--- PROBLEM ---
Scanning the entries below, copy every line that contains the word "destruct".

Saved entries:
——
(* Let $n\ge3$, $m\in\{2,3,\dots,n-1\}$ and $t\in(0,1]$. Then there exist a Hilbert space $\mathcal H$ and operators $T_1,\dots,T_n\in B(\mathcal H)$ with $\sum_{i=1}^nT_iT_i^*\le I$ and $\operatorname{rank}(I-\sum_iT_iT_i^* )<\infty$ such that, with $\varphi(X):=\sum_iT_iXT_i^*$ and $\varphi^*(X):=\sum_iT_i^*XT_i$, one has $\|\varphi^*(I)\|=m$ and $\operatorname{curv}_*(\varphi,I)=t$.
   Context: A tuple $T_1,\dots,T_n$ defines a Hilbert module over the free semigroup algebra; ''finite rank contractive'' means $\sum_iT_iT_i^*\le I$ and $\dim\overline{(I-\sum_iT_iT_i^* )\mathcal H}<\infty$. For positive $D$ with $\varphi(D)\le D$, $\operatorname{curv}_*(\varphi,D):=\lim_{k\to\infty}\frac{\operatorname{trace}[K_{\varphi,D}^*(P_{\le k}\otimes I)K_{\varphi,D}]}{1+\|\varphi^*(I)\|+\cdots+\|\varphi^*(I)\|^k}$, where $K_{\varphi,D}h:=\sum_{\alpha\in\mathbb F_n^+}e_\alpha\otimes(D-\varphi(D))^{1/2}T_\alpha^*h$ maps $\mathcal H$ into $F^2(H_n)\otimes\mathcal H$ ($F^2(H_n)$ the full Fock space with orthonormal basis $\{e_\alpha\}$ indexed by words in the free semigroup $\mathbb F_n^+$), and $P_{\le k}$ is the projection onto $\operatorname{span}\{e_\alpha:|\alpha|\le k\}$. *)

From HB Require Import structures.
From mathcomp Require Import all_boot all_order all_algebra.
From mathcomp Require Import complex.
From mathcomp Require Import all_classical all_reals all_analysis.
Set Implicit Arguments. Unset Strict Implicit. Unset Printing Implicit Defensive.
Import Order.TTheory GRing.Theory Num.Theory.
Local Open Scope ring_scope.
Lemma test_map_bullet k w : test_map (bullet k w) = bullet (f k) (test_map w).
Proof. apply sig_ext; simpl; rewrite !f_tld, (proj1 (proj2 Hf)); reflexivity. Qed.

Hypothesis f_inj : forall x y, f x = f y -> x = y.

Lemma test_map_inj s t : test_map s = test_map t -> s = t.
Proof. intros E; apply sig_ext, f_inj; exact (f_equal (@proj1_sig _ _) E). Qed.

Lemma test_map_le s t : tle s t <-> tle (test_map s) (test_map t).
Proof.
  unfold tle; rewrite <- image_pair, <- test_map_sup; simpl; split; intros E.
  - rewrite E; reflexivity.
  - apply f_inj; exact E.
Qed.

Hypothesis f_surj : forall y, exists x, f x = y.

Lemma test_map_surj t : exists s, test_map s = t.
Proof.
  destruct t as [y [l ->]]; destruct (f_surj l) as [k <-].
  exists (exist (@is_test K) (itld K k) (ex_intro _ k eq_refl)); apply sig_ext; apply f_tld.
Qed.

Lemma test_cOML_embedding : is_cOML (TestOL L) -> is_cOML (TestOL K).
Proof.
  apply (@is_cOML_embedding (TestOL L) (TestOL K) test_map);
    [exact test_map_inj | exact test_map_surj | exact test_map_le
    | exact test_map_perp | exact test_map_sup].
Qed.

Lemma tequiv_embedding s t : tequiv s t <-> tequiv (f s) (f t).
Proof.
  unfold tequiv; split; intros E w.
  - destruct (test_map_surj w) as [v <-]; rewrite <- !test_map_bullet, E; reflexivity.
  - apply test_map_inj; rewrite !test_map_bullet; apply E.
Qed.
——
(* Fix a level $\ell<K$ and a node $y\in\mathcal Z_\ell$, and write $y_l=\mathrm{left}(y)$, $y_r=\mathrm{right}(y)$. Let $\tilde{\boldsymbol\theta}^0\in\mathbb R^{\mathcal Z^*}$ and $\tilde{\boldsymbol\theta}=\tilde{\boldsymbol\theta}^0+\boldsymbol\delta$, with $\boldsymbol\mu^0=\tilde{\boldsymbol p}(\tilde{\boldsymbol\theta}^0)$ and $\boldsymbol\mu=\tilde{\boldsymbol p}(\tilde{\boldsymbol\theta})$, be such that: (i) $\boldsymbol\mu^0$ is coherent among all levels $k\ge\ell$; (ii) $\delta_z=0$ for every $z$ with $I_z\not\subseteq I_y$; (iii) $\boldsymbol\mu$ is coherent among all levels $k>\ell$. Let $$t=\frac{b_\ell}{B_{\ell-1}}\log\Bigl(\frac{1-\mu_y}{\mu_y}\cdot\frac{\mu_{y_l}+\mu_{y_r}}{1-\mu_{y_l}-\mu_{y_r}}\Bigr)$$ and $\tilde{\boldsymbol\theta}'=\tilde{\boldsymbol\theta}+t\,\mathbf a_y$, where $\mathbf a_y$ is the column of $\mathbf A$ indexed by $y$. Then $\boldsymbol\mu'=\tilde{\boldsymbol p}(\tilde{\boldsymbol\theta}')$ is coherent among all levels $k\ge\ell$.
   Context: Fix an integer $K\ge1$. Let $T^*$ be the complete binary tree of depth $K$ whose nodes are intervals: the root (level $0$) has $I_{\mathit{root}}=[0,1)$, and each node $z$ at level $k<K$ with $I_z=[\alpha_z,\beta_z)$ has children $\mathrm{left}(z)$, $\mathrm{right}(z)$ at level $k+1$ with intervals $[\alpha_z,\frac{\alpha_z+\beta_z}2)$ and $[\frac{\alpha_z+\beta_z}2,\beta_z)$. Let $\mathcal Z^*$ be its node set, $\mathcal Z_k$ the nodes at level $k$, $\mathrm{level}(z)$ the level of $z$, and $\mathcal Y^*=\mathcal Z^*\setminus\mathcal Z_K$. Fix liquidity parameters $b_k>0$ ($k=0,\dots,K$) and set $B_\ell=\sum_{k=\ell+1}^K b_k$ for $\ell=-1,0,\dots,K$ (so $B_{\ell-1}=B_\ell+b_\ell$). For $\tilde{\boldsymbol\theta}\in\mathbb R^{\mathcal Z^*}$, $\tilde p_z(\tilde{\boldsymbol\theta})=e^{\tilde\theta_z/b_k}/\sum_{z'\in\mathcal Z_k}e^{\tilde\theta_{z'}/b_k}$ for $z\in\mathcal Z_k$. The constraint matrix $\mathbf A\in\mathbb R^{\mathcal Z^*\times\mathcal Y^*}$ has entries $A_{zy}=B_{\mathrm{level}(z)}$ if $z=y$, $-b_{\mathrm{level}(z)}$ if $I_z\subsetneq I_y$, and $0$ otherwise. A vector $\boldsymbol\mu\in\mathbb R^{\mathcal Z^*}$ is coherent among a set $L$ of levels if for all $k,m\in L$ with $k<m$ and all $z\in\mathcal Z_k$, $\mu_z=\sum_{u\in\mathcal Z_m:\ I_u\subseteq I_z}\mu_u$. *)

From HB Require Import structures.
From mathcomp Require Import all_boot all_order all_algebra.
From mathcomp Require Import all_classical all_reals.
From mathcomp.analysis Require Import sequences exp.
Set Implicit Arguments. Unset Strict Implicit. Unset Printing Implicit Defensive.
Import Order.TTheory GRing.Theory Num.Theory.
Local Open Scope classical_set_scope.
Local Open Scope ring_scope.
——
--- OUTPUT FOR THIS EXERCISE ---
  destruct t as [y [l ->]]; destruct (f_surj l) as [k <-].
  - destruct (test_map_surj w) as [v <-]; rewrite <- !test_map_bullet, E; reflexivity.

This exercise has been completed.